The credit gap for women-owned 15 million MSMEs stands at $158 billion (around Rs 12 lakh crore) with 90 per cent of such women entrepreneurs relying on informal sources of financing, according to the data from International Finance Corporation (IFC). Overall, as per World Bank estimates, the credit gap for Indian MSMEs is at $380 billion (nearly Rs 30 lakh crore).
However, the institutional problem faced by women entrepreneurs at growth stages with respect to the lack of collaterals in their own names is one that needs to be resolved on priority, experts noted. For this, cash flow-based credit disbursements have to be the way out.
“To get credit for business expansion, we are pushing for the fact that anybody having an existing relationship with a lender for a minimum period of five years, should be able to raise finance based on cash flow performance. This would help growing women entrepreneurs to not get constrained by collaterals,” said Saigal.
The Reserve Bank of India (RBI) has also been backing the cash flow approach to boost credit to small businesses. “To improve the credit to gross domestic product (GDP) ratio, access to credit and cost of credit need to be addressed by lesser reliance on collateral security and greater cash-flow based lending,” governor Shaktikanta Das had said earlier at a webinar on investor education organised by National Council of Applied Economic Research (NCAER).

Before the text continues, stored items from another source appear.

(** Without [<|], only A and D rules apply: lexicographic decrease of
  (#binary digits, #inversions). *)
Lemma step_no_lhd (s t : seq sym) :
  lhd \notin s -> step s t -> (lhd \notin t) && lex_lt (bin t, inv t) (bin s, inv s).
Proof.
move=> no_lhd [u [v [l [r [lr_T [Es ->]]]]]]; subst s.
move: no_lhd lr_T; rewrite !mem_cat !negb_or => /and3P[-> l_lhd ->] /or3P[lr_D|lr_A|lr_B].
- case/and3P: (D_rule_measure lr_D) => _ -> lt /=.
  by rewrite /lex_lt /bin !count_cat /= -/(bin r) -/(bin l); apply/orP; left; lia.
- have [-> _ lt] := A_step_measure u v lr_A.
  case/and4P: (A_rule_measure lr_A) => mf_r _ _ _.
  by rewrite (markerfree_notin mf_r) //= /lex_lt eqxx lt orbT.
- by case/and4P: (B_rule_measure lr_B) => l_lhd' _ _ _; rewrite l_lhd' in l_lhd.
Qed.

(** Without [|>], only A and B rules apply: lexicographic decrease of
  (#ternary digits, #inversions). *)
Lemma step_no_rhd (s t : seq sym) :
  rhd \notin s -> step s t -> (rhd \notin t) && lex_lt (ter t, inv t) (ter s, inv s).
Proof.
move=> no_rhd [u [v [l [r [lr_T [Es ->]]]]]]; subst s.
move: no_rhd lr_T; rewrite !mem_cat !negb_or => /and3P[-> l_rhd ->] /or3P[lr_D | lr_A | lr_B].
- by case/and3P: (D_rule_measure lr_D) => l_rhd' _ _; rewrite l_rhd' in l_rhd.
- have [_ -> lt] := A_step_measure u v lr_A.
  case/and4P: (A_rule_measure lr_A) => mf_r _ _ _.
  by rewrite (markerfree_notin mf_r) //= /lex_lt eqxx lt orbT.
- case/and4P: (B_rule_measure lr_B) => _ -> lt _ /=.
  by rewrite /lex_lt /ter !count_cat /= -/(ter r) -/(ter l); apply/orP; left; lia.
Qed.

Lemma sn_no_lhd (s : seq sym) : lhd \notin s -> sn step s.
Proof.
elim/(@lex_ind _ (fun s => (bin s, inv s))): s => s IH no_lhd.
by apply: Acc_intro => t /(step_no_lhd no_lhd) /andP[/IH]; apply.
Qed.

Lemma sn_no_rhd (s : seq sym) : rhd \notin s -> sn step s.
Proof.
elim/(@lex_ind _ (fun s => (ter s, inv s))): s => s IH no_rhd.
by apply: Acc_intro => t /(step_no_rhd no_rhd) /andP[/IH]; apply.
Qed.

(** ** Framed words *)

Definition framed (w : seq sym) : seq sym := lhd :: rcons w rhd.

(** The rewrite steps of framed words, read on their contents: an A step
  anywhere, a B step at the left end, a D step at the right end. *)
Inductive frame_step : seq sym -> seq sym -> Prop :=
| FrameA u v l r of (l, r) \in A_rules : frame_step (u ++ l ++ v) (u ++ r ++ v)
| FrameB c r v of ([:: lhd; c], lhd :: r) \in B_rules : frame_step (c :: v) (r ++ v)
| FrameHalve u : frame_step (rcons u s02) u
| FrameOdd u : frame_step (rcons u s12) (rcons u s23).

Lemma frame_step_rewrite w w' : frame_step w w' -> step (framed w) (framed w').
Proof.
rewrite /framed; case=> [u v l r lr_A | c r v lr_B | u | u].
- exists (lhd :: u), (rcons v rhd), l, r.
  by rewrite !mem_cat lr_A orbT !rcons_cat.
- exists [::], (rcons v rhd), [:: lhd; c], (lhd :: r).
  by rewrite !mem_cat lr_B !orbT rcons_cat.
- by exists (lhd :: u), [::], [:: s02; rhd], [:: rhd]; rewrite !cats0 -!cats1 -catA.
- exists (lhd :: u), [::], [:: s12; rhd], [:: s23; rhd].
  by rewrite !cats0 -!cats1 -!catA.
Qed.

Lemma frame_step_markerfree w w' : markerfree w -> frame_step w w' -> markerfree w'.
Proof.
move=> + st; rewrite /markerfree; case: st => [u v l r lr_A | c r v lr_B | u | u] /=;
  rewrite ?has_cat ?has_rcons ?negb_or //.
- by case/and4P: (A_rule_measure lr_A) => /negbTE-> _ _ _ /and3P[-> _ ->].
- have [_ [r' [_ [<-] _ /negbTE->]]] := B_rule_shape lr_B.
  by case/andP=> _ ->.
Qed.

Lemma step_framed w t :
  markerfree w -> step (framed w) t -> exists2 w', t = framed w' & frame_step w w'.
Proof.
move=> mf_w [u [v [l [r [lr_T [Es ->]]]]]]; rewrite /framed in Es.
move: lr_T; rewrite !mem_cat => /or3P[lr_D|lr_A|lr_B].
- have rhd_notin_w u' v' x : w = u' ++ [:: x; rhd] ++ v' -> False.
    move=> Ew; have := markerfree_notin mf_w (isT : ismark rhd).
    by rewrite Ew !mem_cat !inE eqxx !orbT.
  move: lr_D Es; rewrite !inE => /orP[] /eqP[-> ->] Es;
    case: (two_letter_factor_framed Es) => [[_ /eqP //]|[-> _]|[u' _ [v' _ /rhd_notin_w[]]]];
    case: u {Es} => [[/eqP //]|z u [-> <-]].
  + by exists u; [rewrite /framed /= cats1 | exact: FrameHalve].
  + by exists (rcons u s23); [rewrite /framed /= -!cats1 -catA | exact: FrameOdd].
- have [a [b [El ba tb]]] := A_rule_shape lr_A; subst l.
  case: (two_letter_factor_framed Es) => [[_ Ea _]|[_ Eb _]|[u' -> [v' -> ->]]].
  + by rewrite Ea in ba.
  + by rewrite Eb in tb.
  + by exists (u' ++ r ++ v'); [rewrite /framed !rcons_cat | exact: FrameA].
- have [c [r' [El Er tc _]]] := B_rule_shape lr_B; subst l r.
  case: (two_letter_factor_framed Es) => [[-> _]|[_ Ec _]|[u' _ [v' _ Ew]]].
  + case: w {Es} mf_w => [_ [Ec _]|c' w' _ [<- ->]]; first by rewrite Ec in tc.
    by exists (r' ++ w'); [rewrite /framed rcons_cat | exact: FrameB].
  + by rewrite Ec in tc.
  + have := markerfree_notin mf_w (isT : ismark lhd).
    by rewrite Ew !mem_cat mem_head orbT.
Qed.

(** Every nonempty framed word is reducible: it ends with a binary digit, or
  starts with a ternary one, or contains a binary digit before a ternary one. *)
Lemma frame_step_exists w : markerfree w -> w != [::] -> exists w', frame_step w w'.
Proof.
case: w => // x s mf_w _.
have [last_bin | last_ter] := boolP (isbin (last x s)).
  rewrite lastI; move: last_bin; case: (last x s) => // _.
  - by eexists; apply: FrameHalve.
  - by eexists; apply: FrameOdd.
have digit y : y \in x :: s -> ~~ isbin y -> ister y.
  by move=> y_w y_nbin; rewrite /ister y_nbin (markerfree_mem mf_w y_w).
have [x_bin | x_nbin] := boolP (isbin x).
- have [u [a [b [v [Es ba b_nbin]]]]] := adjacent_switch x_bin last_ter.
  have tb : ister b by apply: digit b_nbin; rewrite Es !mem_cat !inE eqxx !orbT.
  have /hasP[[l r] lr_A /eqP /= El] := A_rule_cover ba tb.
  by exists (u ++ r ++ v); rewrite Es -El; apply: FrameA.
- have /hasP[[l r] lr_B /eqP /= El] := B_rule_cover (digit x (mem_head x s) x_nbin).
  have [_ [r' [_ Er _ _]]] := B_rule_shape lr_B.
  by exists (r' ++ s); apply: FrameB; rewrite -El -Er.
Qed.

(** ** Values along rewrite steps of framed words *)

Lemma collatz_even n : collatz (2 * n) = n.
Proof. by rewrite /collatz oddM andFb mulKn. Qed.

Currently, Stand-Up India is the only central government scheme, launched by Prime Minister Narendra Modi in April 2016, focusing on women entrepreneurs apart from scheduled caste and scheduled tribe entrepreneurs looking for setting up a greenfield enterprise (first-time venture to be set up by the beneficiary). The credit support ranges from Rs 10 lakh to Rs 1 crore to at least one SC/ST borrower and at least one woman borrower per bank branch of scheduled commercial banks. This indicates that entrepreneurs launching their second or third venture wouldn’t be eligible for the scheme.
Moreover, “if one branch has given loan to one SC/ST and women entrepreneur then it doesn’t have to give more loans under the scheme. To help more such borrowers benefit, the scheme should mandate a certain number of loans to be disbursed at least once or twice a year, etc.,” Mukesh Mohan Gupta who heads MSME body Chamber of Indian Micro, Small & Medium Enterprises (CIMSME) told Financial Express Online.
There are a few other schemes as well for women such as Mahila Udyam Nidhi Scheme, Stree Shakti Package for Women Entrepreneurs, Dena Shakti Scheme, Udyogini Scheme, Cent Kalyani Scheme. However, most of them have a credit limit up to around Rs 10 lakh (in the case of Mahila Udyam Nidhi Scheme) or less (Rs 3 lakh in Udyogini scheme) to cater to micro or individual units. In terms of a gender-agnostic collateral-free scheme, the government’s credit guarantee fund trust for micro and small enterprises (CGTMSE) programme offers guarantee cover to lenders for collateral-free lending up to Rs 2 crore to micro and small enterprises. Over 7 lakh guarantees for Rs 55,217.74 crore were approved in FY22 — second highest in eight years, according to the data from MSME Dashboard.